In the case of New York-Buffalo, the only correct stop patterns west of Albany involve every train stopping at Syracuse, Rochester, and Buffalo; patterns can vary on stopping at Utica (options include no trains, all trains, and some trains).
Explanation:
1. The primary driver of ridership on Empire West is travel between New York on the one hand, and Syracuse, Rochester, and Buffalo on the other hand. Toronto is not in the US, so the travel market to New York is much smaller than you’d expect based on its size. Erie is small. Cleveland and points west are too far.
2. Syracuse, Rochester, and Buffalo are of approximately the same size: 750k, 1.1m, 1.2m. This does not favor an express pattern. Conversely, nothing else Upstate is of the same size class, except Albany.
3. There is no good ROW for skipping Syracuse at speed. The ROW through the city is good enough for a stopping high-speed train, as is any alternative that involves zapping 690 and rerouting trains through downtown Syracuse. Similarly, there is no good ROW for skipping Rochester. The optimal ROW allows both skipping Utica at speed and serving it, but is far from the other stops that Empire trains make, like Rome and Schenectady.
4. Syracuse is an important connection point to regional trains toward Cortland and Watertown. The correct way to schedule trains is to have a pulse on the hour at Albany and Syracuse, with trains doing Albany-Syracuse in an hour and Albany-New York and Syracuse-Buffalo in around 53 minutes each. Even though Buffalo and Rochester are bigger, they’re less useful as connection points.
Japan is not Europe. Saying the Spanish lines are “near” means they aren’t. Many of those numbers from Europe are suspect in terms of operationally.
In any event – doesn’t matter the alignments since it’s not going to happen. The EIS killed HSR as too costly along the Empire Corridor.
It’s the same ROW that would take them to Montreal Boston and Cleveland. Once Ohio has HSR, Upstate NY to all of Ohio can use it. Detroit? The rest of New England. And vice versa. For instance people from Hartford who want to go to Montreal or Toronto can use it. Cleveland to Toronto.
….Boston to Cleveland is 640 miles via I-90. Might not be attractive for Boston-Cleveland but for not-Boston to Cleveland or vice versa it would be. Toronto and Montreal on the train become much more attractive if they do customs and immigration on the train.
The tracks between Rensselaer – where the trains from New England and the trains from New York City come together – and Schenectady – where the trains to Montreal diverge from the trains to Utica and beyond, is going to be very busy.
Doesn’t matter… None of it is going to happen. No money and no will for it.
AG: no, those numbers are not suspect. These are public companies with transparent reporting. Amtrak and other American excuse makers think that SNCF and DB are cheating by counting local subsidies to run regional rail as revenue; but they do not get subsidies for intercity trains, which are illegal according to EU rules. In the US, unlike in Europe, regional services are run by state agencies with state money, with separate branding and planning from intercity services, leading to familiar turf battles.
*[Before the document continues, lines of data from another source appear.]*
Lemma p4_mult x y : 0 <= x -> 0 <= y -> p4 (x * y) = p4 x * p4 y.
Proof. intros; unfold p4. rewrite sqrt_mult by auto. apply sqrt_mult; apply sqrt_pos. Qed.

Lemma t_nonneg m : 0 <= t m.
Proof. apply sqrt_pos. Qed.

Lemma t_pos m : (1 <= m)%nat -> 0 < t m.
Proof. intros; apply p4_pos, lt_0_INR; lia. Qed.

Lemma t_pow4 m : t m ^ 4 = INR m.
Proof. apply p4_pow4, pos_INR. Qed.

Lemma t_le m n : (m <= n)%nat -> t m <= t n.
Proof. intros; apply p4_le. split; [apply pos_INR | apply le_INR; auto]. Qed.

Lemma t_ge1 m : (1 <= m)%nat -> 1 <= t m.
Proof.
  intros. replace 1 with (t 1) by (unfold t, p4; simpl; rewrite !sqrt_1; reflexivity).
  apply t_le; auto.
Qed.

Lemma t_0 : t 0 = 0.
Proof. unfold t, p4; simpl; rewrite !sqrt_0; reflexivity. Qed.

Lemma inv_le a b : 0 < a -> a <= b -> / b <= / a.
Proof. intros; apply Rinv_le_contravar; auto. Qed.

Lemma nonneg_frac a b : 0 <= a -> 0 < b -> 0 <= a / b.
Proof. intros; apply Rmult_le_pos; auto. left; apply Rinv_0_lt_compat; auto. Qed.

(* Discharges the nonvanishing side conditions left by [field] from positivity
   hypotheses in the context. *)
Ltac nz := repeat split; try (apply Rgt_not_eq; lra); try (apply Rlt_not_eq; lra).

(* Discrete replacements for the integrals of [x^{-3/4}], [x^{-7/4}] and
   [x^{-3/2}]: each summand is bounded by a difference of consecutive values
   of a primitive, so that sums of them telescope. *)

Lemma inv_cube_le_step a b : 0 <= b <= a -> 0 < a -> a ^ 4 - b ^ 4 = 1 -> / a ^ 3 <= 4 * (a - b).
Proof.
  intros Hb Ha E.
  assert (Hfac : a ^ 4 - b ^ 4 <= 4 * a ^ 3 * (a - b)).
  { assert (4 * a ^ 3 * (a - b) - (a ^ 4 - b ^ 4)
            = (a - b) * ((a ^ 3 - a ^ 2 * b) + (a ^ 3 - a * b ^ 2) + (a ^ 3 - b ^ 3))) by ring.
    assert (b ^ 2 <= a ^ 2) by (apply pow_incr; lra).
    assert (b ^ 3 <= a ^ 3) by (apply pow_incr; lra).
    assert (a ^ 2 * b <= a ^ 2 * a) by (apply Rmult_le_compat_l; nra).
    assert (a * b ^ 2 <= a * a ^ 2) by (apply Rmult_le_compat_l; lra).
    assert (0 <= (a - b) * ((a ^ 3 - a ^ 2 * b) + (a ^ 3 - a * b ^ 2) + (a ^ 3 - b ^ 3)))
      by (apply Rmult_le_pos; lra). lra. }
  assert (Pa3 : 0 < a ^ 3) by (apply pow_lt; auto).
  rewrite <- (Rmult_1_l (/ a ^ 3)), <- E.
  apply (Rmult_le_reg_r (a ^ 3)); auto. rewrite Rmult_assoc, Rinv_l by lra. lra.
Qed.
Lemma exists_not_in_list (T : Type) (l : list T) : card_le nat T -> exists t, ~ In t l.
Proof.
move=> [f f_inj]; apply: NNPP => covered.
have nodup : NoDup (List.map f (List.seq 0 (length l).+1)).
  exact: Injective_map_NoDup f_inj (seq_NoDup _ _).
have incl_l : incl (List.map f (List.seq 0 (length l).+1)) l.
  by move=> t _; apply: NNPP => t_notin; apply: covered; exists t.
by have := NoDup_incl_length nodup incl_l; rewrite length_map length_seq => /leP; rewrite ltnn.
Qed.

Definition trichotomous (X : Type) (R : X -> X -> Prop) : Prop :=
  forall x y, x = y \/ R x y \/ R y x.

Definition le_of (X : Type) (R : X -> X -> Prop) (x y : X) : Prop := x = y \/ R x y.

Lemma wf_irrefl (X : Type) (R : X -> X -> Prop) : well_founded R -> forall x, ~ R x x.
Proof. move=> R_wf x; elim: (R_wf x) => y _ IH Ryy; exact: (IH _ Ryy Ryy). Qed.

Definition lex (A B : Type) (RA : A -> A -> Prop) (RB : B -> B -> Prop) (p q : A * B) :=
  RA p.1 q.1 \/ (p.1 = q.1 /\ RB p.2 q.2).

Lemma wf_lex (A B : Type) (RA : A -> A -> Prop) (RB : B -> B -> Prop) :
  well_founded RA -> well_founded RB -> well_founded (lex RA RB).
Proof.
move=> RA_wf RB_wf [a b]; elim: (RA_wf a) b => {}a _ IHa b.
elim: (RB_wf b) => {}b _ IHb; constructor => -[a' b'] [/IHa //|[/= ea]].
by subst a'; apply: IHb.
Qed.

Lemma lex_trichotomous (A B : Type) (RA : A -> A -> Prop) (RB : B -> B -> Prop) :
  trichotomous RA -> trichotomous RB -> trichotomous (lex RA RB).
Proof.
move=> RA_tri RB_tri [a b] [a' b']; rewrite /lex /=.
case: (RA_tri a a') => [<-|]; last by case; tauto.
by case: (RB_tri b b') => [<-|]; tauto.
Qed.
In most of Europe, the services are contracted out to the national rail provider.
As for Spain, it’s the entire RENFE system that is nearly profitable, not just the AVE. RENFE runs AVE trains on many lines, including to very small cities, but also slower trains, some on high-speed lines (Avant, which loses money) and some on legacy lines.
Europe keeps two sets of books. One for internal use, and one to propagandize how much better they run railroads than Americans. The second is a lie, of course, since nobody does railroads better than America.
What’s the average stop spacing on the Shinkansen? AVE? TGV though the French like sending non-stop hither thither and yon. ICE? How ’bout in Taiwan?
Yes – and also look at which lines cover their costs better operationally in those countries. This nation has no appetite to subsidize Amtrak even – let alone a line like this. The express stops are the ones which carry their own weight on those systems. Again – as noted to someone else on this thread… Owning and operating a car is much much more expensive in all of those places as well. There are too many differences to list in this small space. But again – operating cost wise – the intermediate stops exist because of politics in those nations – not because they were the most feasible. Anyone who seriously looks at the California plan know it’s a joke that they claim they can cover their operating costs.
http://articles.latimes.com/20.....y-20120424
http://www.latimes.com/local/p.....story.html
All Aboard Florida owns the tracks and runs freight. They also own real estate around the stations (which are very limited) which they hope to make money on. Texas – that private group is still very coy on how they plan to operate – but we do know the Japanese are willing to loan them money very cheaply for the use of their tech.
Will NYS be willing to subsidize HSR as well as the Empire Corridor? And let’s be honest – just as the thought of this post was – it is really downstate who would be paying for it. Yet getting money for the MTA is a fight.
The tracks are going to be going through metro Syracuse anyway. It costs money to run slow trains, more money than building a station and stopping the fast trains. The super express from Washington DC to Montreal can leave New York City, then the super express from Washington DC to Toronto, then the express to Cleveland, then the local to Buffalo. All that very very expensive infrastructure gets more utilization. …and carries more passengers because the fastest way to get from Ithaca or Watertown to Cleveland, Toronto, Montreal, Boston and New York City is to take the bus to Syracuse and get on a fast train.
Texas Central Railway pretty much just got the proverbial nail in its coffin with the announcement that it will not operate into downtown Houston.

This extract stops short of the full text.